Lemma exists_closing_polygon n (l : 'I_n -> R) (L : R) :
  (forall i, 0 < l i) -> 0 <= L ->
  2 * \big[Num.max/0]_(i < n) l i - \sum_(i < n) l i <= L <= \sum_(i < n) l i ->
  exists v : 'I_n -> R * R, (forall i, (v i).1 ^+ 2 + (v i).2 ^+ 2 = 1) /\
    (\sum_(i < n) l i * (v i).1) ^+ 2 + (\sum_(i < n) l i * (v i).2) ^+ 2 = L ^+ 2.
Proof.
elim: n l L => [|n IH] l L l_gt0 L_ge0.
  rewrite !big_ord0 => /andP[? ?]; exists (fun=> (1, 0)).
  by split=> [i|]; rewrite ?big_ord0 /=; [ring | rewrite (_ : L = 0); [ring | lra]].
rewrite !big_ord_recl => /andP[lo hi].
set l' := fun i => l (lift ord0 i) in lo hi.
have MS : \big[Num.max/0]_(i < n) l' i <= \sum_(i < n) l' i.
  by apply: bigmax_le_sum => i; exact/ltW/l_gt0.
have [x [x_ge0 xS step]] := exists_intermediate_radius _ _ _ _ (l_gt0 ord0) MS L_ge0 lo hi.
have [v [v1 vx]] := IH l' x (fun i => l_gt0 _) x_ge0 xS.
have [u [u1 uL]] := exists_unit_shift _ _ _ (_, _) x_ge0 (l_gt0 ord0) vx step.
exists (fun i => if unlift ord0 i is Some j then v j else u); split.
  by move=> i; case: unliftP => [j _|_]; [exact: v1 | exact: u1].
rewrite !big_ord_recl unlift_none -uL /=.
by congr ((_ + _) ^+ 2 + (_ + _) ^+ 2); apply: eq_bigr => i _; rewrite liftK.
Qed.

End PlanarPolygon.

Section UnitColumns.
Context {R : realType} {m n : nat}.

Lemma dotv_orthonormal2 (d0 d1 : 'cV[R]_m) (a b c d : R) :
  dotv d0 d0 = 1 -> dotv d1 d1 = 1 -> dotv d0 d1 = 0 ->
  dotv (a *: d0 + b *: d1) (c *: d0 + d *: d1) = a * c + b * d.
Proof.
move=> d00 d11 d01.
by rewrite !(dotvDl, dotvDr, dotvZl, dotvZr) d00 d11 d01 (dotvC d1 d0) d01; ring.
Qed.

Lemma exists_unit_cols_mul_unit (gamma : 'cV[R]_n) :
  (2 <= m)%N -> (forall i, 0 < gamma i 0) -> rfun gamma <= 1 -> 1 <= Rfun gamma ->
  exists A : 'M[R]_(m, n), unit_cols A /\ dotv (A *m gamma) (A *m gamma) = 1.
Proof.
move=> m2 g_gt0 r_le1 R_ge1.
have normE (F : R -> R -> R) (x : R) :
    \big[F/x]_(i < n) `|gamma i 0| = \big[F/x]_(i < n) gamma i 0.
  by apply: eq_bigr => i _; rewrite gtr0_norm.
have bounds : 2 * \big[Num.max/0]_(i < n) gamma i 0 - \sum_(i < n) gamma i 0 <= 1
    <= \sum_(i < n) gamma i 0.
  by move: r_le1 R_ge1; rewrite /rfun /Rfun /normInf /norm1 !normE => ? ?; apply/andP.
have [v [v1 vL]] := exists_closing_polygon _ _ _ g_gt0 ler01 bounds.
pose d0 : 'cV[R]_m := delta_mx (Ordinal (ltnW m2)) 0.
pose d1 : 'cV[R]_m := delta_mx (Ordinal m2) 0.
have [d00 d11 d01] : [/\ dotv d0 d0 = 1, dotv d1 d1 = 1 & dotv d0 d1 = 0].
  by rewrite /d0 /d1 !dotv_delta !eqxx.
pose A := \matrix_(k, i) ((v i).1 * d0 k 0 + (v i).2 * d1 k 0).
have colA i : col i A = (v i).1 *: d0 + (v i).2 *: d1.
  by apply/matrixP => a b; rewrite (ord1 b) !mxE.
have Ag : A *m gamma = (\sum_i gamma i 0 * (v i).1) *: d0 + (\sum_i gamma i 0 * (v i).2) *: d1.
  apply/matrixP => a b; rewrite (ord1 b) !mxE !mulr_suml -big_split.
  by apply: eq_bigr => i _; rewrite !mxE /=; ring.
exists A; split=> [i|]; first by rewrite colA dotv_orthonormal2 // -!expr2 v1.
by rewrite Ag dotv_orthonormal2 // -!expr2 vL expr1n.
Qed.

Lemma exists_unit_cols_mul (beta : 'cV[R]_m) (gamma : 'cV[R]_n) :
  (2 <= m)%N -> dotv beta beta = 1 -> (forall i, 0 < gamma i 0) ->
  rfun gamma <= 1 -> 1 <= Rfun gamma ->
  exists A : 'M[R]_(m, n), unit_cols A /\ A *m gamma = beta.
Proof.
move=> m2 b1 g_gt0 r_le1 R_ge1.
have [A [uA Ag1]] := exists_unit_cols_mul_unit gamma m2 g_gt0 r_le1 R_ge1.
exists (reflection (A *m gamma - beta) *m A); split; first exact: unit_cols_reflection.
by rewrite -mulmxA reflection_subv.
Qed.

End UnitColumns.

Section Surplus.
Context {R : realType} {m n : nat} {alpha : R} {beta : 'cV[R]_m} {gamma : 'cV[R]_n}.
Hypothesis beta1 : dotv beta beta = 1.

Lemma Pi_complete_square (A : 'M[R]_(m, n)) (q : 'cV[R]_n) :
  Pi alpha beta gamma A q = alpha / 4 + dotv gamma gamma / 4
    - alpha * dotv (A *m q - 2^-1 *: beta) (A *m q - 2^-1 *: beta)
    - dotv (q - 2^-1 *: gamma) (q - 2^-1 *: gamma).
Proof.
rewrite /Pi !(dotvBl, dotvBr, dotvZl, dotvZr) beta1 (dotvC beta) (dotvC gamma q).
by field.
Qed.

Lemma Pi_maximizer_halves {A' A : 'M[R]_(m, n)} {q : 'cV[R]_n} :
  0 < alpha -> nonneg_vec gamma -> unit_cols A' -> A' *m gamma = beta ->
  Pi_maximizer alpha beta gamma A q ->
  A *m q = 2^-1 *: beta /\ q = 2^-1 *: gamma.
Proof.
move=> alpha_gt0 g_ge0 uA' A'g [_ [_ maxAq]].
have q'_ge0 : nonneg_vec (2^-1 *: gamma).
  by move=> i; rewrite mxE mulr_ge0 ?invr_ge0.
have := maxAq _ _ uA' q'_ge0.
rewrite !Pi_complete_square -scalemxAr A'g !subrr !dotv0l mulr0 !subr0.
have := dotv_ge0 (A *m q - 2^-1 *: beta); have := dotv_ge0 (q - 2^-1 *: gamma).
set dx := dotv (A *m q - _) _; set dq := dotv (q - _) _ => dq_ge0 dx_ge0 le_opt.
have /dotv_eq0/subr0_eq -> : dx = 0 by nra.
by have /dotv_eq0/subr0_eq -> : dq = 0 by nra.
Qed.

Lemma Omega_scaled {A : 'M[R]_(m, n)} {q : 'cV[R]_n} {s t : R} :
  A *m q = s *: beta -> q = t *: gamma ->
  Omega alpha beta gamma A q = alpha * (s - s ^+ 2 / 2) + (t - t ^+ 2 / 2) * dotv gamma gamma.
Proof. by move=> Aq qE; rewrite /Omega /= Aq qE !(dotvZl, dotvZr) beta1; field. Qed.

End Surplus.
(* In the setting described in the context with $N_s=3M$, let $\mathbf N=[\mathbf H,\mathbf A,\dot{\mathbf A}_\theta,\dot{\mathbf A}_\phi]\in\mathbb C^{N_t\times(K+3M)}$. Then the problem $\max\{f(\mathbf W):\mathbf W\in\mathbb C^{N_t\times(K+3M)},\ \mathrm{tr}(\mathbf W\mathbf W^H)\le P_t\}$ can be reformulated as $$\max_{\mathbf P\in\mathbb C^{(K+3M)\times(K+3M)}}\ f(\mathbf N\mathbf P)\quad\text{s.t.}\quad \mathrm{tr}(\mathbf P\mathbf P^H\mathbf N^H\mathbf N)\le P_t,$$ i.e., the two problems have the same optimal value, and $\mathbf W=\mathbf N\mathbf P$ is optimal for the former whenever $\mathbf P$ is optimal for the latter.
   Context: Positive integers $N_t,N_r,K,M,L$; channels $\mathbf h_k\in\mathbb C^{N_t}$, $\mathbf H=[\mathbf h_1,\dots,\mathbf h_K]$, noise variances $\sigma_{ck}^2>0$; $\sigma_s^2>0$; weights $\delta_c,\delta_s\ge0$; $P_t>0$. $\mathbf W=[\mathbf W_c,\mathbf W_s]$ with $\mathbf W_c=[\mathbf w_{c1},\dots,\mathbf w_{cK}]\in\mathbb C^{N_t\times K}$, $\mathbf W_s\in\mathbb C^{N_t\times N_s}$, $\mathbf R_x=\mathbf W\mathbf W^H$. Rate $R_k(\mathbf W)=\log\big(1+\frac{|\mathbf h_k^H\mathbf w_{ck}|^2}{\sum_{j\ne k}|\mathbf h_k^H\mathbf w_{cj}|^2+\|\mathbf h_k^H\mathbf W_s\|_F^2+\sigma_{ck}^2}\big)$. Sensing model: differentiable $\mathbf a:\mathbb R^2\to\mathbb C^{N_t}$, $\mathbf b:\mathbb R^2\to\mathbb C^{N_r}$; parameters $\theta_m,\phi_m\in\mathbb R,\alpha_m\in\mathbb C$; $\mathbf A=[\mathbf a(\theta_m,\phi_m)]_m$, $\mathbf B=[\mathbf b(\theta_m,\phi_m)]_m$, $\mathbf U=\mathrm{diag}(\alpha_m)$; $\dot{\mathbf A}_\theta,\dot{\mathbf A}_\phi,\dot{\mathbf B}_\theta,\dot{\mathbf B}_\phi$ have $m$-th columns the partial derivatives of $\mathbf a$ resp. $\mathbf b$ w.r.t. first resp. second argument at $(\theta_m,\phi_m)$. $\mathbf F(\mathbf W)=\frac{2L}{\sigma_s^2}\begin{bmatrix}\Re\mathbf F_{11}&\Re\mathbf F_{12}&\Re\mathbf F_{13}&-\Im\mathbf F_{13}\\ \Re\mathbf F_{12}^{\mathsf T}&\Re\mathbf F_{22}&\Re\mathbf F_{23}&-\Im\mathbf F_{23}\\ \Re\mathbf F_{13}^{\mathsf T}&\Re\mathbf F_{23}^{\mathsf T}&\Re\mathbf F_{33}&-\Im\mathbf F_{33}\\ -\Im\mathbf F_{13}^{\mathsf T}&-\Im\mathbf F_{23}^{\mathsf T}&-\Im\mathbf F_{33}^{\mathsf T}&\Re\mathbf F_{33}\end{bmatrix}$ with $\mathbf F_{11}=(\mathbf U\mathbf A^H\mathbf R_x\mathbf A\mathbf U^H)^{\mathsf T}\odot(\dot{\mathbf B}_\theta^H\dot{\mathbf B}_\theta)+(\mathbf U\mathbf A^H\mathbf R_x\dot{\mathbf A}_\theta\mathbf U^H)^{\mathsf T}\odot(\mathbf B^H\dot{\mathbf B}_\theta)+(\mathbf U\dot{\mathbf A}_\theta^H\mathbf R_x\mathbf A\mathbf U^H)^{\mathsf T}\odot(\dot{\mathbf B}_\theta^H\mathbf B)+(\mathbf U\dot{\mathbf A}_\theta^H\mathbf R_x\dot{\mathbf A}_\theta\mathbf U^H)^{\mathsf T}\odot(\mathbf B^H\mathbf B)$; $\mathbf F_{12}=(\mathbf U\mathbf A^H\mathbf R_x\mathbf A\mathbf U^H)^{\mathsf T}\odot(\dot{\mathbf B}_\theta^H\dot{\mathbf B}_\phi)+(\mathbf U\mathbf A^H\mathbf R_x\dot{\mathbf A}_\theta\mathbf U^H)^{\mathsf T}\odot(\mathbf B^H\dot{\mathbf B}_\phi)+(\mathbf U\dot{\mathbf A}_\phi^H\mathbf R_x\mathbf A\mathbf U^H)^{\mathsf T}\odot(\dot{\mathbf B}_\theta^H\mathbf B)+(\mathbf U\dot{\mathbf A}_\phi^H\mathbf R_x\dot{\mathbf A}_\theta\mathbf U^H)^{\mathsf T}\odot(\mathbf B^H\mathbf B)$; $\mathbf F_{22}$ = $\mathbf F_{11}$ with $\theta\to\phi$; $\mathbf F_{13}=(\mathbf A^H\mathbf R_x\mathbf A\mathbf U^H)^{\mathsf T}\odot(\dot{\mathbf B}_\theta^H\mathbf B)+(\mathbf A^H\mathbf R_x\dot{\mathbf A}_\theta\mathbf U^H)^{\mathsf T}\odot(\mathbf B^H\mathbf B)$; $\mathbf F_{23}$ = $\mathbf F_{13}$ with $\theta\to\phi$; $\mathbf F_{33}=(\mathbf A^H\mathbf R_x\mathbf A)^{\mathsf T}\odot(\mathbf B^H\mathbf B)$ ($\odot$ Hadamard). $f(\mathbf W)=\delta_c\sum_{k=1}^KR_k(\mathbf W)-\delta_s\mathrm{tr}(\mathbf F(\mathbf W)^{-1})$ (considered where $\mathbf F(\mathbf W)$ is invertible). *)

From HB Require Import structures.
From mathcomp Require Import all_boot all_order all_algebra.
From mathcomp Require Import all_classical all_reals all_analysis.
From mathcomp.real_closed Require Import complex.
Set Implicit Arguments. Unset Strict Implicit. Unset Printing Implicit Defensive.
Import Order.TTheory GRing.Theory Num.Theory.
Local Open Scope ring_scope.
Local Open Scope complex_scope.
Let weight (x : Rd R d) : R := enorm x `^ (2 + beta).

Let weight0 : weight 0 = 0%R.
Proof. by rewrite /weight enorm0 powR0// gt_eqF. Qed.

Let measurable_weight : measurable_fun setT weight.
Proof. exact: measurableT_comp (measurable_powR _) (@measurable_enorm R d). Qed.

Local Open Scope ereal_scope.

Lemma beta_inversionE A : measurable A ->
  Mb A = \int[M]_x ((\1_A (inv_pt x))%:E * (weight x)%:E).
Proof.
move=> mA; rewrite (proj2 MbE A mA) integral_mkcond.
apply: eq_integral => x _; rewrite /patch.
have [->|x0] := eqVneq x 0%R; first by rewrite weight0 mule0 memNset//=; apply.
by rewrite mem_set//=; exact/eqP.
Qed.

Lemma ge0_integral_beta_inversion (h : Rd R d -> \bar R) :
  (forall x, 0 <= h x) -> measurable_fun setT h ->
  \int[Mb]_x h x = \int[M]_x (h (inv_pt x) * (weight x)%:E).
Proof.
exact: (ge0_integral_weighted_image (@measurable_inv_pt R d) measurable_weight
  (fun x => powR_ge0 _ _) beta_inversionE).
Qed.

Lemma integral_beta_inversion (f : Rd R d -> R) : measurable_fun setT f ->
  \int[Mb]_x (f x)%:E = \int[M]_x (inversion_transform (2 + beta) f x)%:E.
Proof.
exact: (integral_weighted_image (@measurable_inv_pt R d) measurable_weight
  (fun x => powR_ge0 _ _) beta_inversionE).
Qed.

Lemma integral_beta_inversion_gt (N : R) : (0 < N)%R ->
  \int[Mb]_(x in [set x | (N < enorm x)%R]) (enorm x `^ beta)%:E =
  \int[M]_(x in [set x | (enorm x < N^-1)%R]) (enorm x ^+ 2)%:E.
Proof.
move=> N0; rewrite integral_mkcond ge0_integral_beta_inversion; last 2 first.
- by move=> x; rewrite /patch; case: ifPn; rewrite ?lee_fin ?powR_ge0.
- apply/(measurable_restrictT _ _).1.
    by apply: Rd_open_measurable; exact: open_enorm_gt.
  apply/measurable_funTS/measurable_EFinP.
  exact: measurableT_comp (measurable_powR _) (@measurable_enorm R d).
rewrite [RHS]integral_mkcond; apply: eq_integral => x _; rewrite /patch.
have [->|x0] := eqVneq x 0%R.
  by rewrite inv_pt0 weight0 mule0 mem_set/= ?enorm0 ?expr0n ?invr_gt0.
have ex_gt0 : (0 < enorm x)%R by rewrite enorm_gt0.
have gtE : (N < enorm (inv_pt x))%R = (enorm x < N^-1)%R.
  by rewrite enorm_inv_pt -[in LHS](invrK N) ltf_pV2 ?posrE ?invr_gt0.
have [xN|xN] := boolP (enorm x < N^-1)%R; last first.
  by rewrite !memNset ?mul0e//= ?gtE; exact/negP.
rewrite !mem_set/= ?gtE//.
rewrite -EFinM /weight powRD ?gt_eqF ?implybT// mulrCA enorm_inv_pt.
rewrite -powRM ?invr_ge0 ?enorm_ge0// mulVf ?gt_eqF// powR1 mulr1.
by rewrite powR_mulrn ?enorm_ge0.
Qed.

*Assignment*.
Each line that holds the string "Require" is to be copied from the entries above.

*Completed exercise*.
From HB Require Import structures.
From mathcomp Require Import all_boot all_order all_algebra.
From mathcomp Require Import all_classical all_reals all_analysis.
From mathcomp.real_closed Require Import complex.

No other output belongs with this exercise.